Problem statement
Could you print, exactly as they stand, the lines from the one holding "i; apply propositional_extensionality." to the end of the data below, and nothing more?
=== Extracted data ===
Lemma agree_formula_iff p q N : G p -> G q -> (q (agree_formula p N) <-> agree p q N).
Proof.
  intros Hp Hq; pose proof (Gset_realised Hq) as Rq.
  unfold agree_formula, agree, agree_at; rewrite realised_big_and by auto.
  split; intros H i Hi; specialize (H i Hi);
    rewrite !realised_and, literal_iff, first_y_formula_iff, first_x_formula_iff in * by auto;
    destruct H as [H1 [H2 H3]]; split; try tauto; split; auto.
Qed.

Lemma agree_formula_self p N : G p -> p (agree_formula p N).
Proof. intros Hp; apply agree_formula_iff, agree_refl; auto. Qed.

Definition dist (p q : ptype L) : R :=
  if excluded_middle_informative (exists i, ~ agree_at p q i)
  then ((/2) ^ least (fun i => ~ agree_at p q i))%R else 0%R.

Lemma dist_lt_iff p q N : (dist p q < (/2) ^ N)%R <-> agree p q (S N).
Proof.
  unfold dist; destruct excluded_middle_informative as [h|h].
  - destruct (least_spec _ h) as [H1 H2]; split.
    + intros H i Hi; apply NNPP; intros C; specialize (H2 i C).
      pose proof (half_pow_le (m := N) (n := least (fun i => ~ agree_at p q i)) ltac:(lia)); lra.
    + intros H; apply half_pow_lt; destruct (le_lt_dec (least (fun i => ~ agree_at p q i)) N);
        [exfalso; apply H1, H; lia | auto].
  - split; intros _; [intros i _; apply NNPP; intros C; apply h; eauto | apply half_pow_pos].
Qed.

Lemma dist_nonneg p q : (0 <= dist p q)%R.
Proof. unfold dist; destruct excluded_middle_informative; [left; apply half_pow_pos | lra]. Qed.

Lemma dist_sym p q : dist p q = dist q p.
Proof.
  assert (E1 : (fun i => ~ agree_at p q i) = (fun i => ~ agree_at q p i)).
  { apply functional_extensionality; intros i; apply propositional_extensionality.
    split; intros C D; apply C, agree_at_sym, D. }
  unfold dist; rewrite E1; reflexivity.
Qed.

Lemma dist_eq0 p q : G p -> G q -> (dist p q = 0%R <-> p = q).
Proof.
  intros Hp Hq; unfold dist; destruct excluded_middle_informative as [h|h]; split.
  - intros H; pose proof (half_pow_pos (least (fun i => ~ agree_at p q i))); lra.
  - intros ->; exfalso; destruct h as [i C]; apply C, agree_refl with (N := S i); lia.
  - intros _; apply ptype_ext; intros phi; destruct (E_onto phi) as [n <-].
    apply NNPP; intros C; apply h; exists n; intros [D _]; auto.
  - auto.
Qed.

Lemma dist_triangle p q r : (dist p r <= dist p q + dist q r)%R.
Proof.
  pose proof (dist_nonneg p q); pose proof (dist_nonneg q r).
  unfold dist at 1; destruct excluded_middle_informative as [h|h]; [|lra].
  set (n := least (fun i => ~ agree_at p r i)).
  assert (Hn : ~ agree p r (S n)) by (intros Ag; apply (least_spec _ h), Ag; lia).
  destruct (classic (agree p q (S n))) as [A1|A1];
    [destruct (classic (agree q r (S n))) as [A2|A2]; [exfalso; eauto using agree_trans|] |];
    rewrite <- dist_lt_iff in *; lra.
Qed.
===
The completed task
  { apply functional_extensionality; intros i; apply propositional_extensionality.
    split; intros C D; apply C, agree_at_sym, D. }
  unfold dist; rewrite E1; reflexivity.
Qed.

Lemma dist_eq0 p q : G p -> G q -> (dist p q = 0%R <-> p = q).
Proof.
  intros Hp Hq; unfold dist; destruct excluded_middle_informative as [h|h]; split.
  - intros H; pose proof (half_pow_pos (least (fun i => ~ agree_at p q i))); lra.
  - intros ->; exfalso; destruct h as [i C]; apply C, agree_refl with (N := S i); lia.
  - intros _; apply ptype_ext; intros phi; destruct (E_onto phi) as [n <-].
    apply NNPP; intros C; apply h; exists n; intros [D _]; auto.
  - auto.
Qed.

Lemma dist_triangle p q r : (dist p r <= dist p q + dist q r)%R.
Proof.
  pose proof (dist_nonneg p q); pose proof (dist_nonneg q r).
  unfold dist at 1; destruct excluded_middle_informative as [h|h]; [|lra].
  set (n := least (fun i => ~ agree_at p r i)).
  assert (Hn : ~ agree p r (S n)) by (intros Ag; apply (least_spec _ h), Ag; lia).
  destruct (classic (agree p q (S n))) as [A1|A1];
    [destruct (classic (agree q r (S n))) as [A2|A2]; [exfalso; eauto using agree_trans|] |];
    rewrite <- dist_lt_iff in *; lra.
Qed.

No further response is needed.